TASK INSTRUCTIONS: Show, in full, each line of the data that contains "Arith".

Collected data
- - - -
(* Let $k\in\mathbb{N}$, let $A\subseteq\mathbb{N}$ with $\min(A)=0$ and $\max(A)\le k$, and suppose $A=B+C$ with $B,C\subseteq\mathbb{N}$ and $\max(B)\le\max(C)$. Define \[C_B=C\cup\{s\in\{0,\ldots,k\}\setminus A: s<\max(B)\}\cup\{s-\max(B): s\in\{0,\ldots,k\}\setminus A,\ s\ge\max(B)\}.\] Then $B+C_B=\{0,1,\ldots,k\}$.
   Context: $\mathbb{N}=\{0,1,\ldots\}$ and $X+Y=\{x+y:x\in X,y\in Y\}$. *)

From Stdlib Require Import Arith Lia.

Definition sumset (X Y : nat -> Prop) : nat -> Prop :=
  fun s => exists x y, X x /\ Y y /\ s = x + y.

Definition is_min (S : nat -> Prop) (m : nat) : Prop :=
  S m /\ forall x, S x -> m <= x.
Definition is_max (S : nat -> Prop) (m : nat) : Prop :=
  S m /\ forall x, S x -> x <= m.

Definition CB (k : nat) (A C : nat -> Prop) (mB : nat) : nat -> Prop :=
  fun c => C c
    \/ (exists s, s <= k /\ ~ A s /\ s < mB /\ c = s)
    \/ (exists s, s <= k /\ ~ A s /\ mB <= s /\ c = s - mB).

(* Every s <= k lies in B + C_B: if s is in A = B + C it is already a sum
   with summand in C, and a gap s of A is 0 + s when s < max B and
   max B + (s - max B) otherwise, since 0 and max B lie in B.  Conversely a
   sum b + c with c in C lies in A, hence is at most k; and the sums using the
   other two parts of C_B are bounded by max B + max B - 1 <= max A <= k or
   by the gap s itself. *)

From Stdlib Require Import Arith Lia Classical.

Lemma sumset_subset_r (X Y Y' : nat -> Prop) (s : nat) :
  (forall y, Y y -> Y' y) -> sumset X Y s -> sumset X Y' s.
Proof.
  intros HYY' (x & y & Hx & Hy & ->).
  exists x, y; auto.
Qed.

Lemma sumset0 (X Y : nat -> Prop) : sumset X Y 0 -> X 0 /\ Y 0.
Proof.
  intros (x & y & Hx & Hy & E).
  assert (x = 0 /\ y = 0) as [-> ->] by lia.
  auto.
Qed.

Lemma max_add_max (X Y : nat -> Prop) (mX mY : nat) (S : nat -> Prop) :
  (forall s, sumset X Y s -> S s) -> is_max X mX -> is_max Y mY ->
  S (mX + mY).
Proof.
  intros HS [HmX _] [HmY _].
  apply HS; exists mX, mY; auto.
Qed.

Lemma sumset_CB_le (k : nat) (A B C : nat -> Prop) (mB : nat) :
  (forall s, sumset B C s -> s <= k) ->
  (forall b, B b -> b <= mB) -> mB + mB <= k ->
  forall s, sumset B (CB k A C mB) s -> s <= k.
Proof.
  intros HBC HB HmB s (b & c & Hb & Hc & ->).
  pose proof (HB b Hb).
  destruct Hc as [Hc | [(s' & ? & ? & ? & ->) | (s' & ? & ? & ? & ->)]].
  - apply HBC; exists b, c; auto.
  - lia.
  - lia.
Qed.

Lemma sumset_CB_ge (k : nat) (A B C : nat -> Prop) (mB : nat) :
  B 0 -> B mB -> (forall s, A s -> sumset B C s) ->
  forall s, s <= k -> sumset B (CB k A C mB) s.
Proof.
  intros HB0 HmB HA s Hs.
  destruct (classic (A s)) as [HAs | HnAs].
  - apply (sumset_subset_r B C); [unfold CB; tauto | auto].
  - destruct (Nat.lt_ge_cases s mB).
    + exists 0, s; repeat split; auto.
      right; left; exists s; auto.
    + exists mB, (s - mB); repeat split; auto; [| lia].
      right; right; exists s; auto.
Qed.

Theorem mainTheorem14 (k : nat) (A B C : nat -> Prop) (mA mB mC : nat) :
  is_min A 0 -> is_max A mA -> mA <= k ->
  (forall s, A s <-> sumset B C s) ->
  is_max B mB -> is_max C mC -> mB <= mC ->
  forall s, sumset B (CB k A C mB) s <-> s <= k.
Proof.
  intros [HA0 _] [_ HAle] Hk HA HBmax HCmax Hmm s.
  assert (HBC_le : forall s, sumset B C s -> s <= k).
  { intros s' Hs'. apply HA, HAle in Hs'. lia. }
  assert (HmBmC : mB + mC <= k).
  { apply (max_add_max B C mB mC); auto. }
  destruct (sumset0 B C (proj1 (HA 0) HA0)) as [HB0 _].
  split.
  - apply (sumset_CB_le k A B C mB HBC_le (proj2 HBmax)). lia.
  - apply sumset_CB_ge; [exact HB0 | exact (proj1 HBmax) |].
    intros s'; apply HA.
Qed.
- - - -
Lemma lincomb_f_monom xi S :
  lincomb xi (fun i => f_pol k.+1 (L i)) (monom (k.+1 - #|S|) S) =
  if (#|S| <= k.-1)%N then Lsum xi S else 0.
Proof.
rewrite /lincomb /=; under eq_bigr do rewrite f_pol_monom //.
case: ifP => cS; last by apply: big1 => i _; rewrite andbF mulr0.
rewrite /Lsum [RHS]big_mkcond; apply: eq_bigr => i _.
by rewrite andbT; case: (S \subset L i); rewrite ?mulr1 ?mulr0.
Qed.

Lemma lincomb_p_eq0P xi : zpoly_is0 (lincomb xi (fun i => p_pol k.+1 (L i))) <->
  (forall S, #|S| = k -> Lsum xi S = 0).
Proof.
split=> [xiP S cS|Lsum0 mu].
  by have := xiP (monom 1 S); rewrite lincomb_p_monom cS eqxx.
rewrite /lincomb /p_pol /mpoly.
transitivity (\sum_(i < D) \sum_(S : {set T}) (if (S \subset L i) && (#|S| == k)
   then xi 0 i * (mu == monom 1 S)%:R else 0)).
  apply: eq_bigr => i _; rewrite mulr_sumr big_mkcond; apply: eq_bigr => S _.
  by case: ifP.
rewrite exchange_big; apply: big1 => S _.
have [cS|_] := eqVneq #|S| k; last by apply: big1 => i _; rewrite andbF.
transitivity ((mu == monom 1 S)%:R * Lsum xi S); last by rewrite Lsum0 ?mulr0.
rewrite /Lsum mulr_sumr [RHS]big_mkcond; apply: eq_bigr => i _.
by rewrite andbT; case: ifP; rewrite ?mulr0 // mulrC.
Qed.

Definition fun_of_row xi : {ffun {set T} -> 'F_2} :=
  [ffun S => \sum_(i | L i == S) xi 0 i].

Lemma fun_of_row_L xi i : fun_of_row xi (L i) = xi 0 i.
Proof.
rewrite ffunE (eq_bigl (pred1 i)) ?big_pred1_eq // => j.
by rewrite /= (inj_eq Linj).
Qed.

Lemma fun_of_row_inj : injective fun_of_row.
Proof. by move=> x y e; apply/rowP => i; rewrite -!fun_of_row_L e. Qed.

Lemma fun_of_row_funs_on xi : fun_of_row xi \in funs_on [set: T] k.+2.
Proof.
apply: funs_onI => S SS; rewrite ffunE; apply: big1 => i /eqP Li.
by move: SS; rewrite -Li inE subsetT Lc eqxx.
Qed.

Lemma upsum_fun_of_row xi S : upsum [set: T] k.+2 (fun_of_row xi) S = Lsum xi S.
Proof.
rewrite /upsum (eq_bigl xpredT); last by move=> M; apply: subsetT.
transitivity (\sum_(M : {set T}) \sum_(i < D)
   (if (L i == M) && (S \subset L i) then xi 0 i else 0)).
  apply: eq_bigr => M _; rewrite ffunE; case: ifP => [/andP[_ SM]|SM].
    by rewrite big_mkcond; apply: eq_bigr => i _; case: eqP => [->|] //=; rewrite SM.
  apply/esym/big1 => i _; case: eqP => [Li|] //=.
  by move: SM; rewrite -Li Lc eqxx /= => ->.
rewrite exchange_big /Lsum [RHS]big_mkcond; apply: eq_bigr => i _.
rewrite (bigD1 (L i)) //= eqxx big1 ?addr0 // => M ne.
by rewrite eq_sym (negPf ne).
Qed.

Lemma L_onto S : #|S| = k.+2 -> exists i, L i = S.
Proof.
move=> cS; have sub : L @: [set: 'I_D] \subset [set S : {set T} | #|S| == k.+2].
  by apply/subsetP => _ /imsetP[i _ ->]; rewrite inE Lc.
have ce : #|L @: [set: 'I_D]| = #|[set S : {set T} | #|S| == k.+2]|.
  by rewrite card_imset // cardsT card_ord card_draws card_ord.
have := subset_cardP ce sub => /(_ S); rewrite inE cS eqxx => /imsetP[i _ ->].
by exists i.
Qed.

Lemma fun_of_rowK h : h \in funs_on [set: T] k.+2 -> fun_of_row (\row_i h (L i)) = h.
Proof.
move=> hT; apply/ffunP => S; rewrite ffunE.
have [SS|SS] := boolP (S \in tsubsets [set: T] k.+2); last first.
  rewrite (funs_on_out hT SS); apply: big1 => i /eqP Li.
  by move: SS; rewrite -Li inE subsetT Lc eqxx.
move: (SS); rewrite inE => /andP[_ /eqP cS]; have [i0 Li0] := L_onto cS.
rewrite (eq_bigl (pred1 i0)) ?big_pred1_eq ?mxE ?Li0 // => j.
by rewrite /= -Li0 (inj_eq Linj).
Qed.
- - - -
PROBLEM SOLUTION:
From Stdlib Require Import Arith Lia.
From Stdlib Require Import Arith Lia Classical.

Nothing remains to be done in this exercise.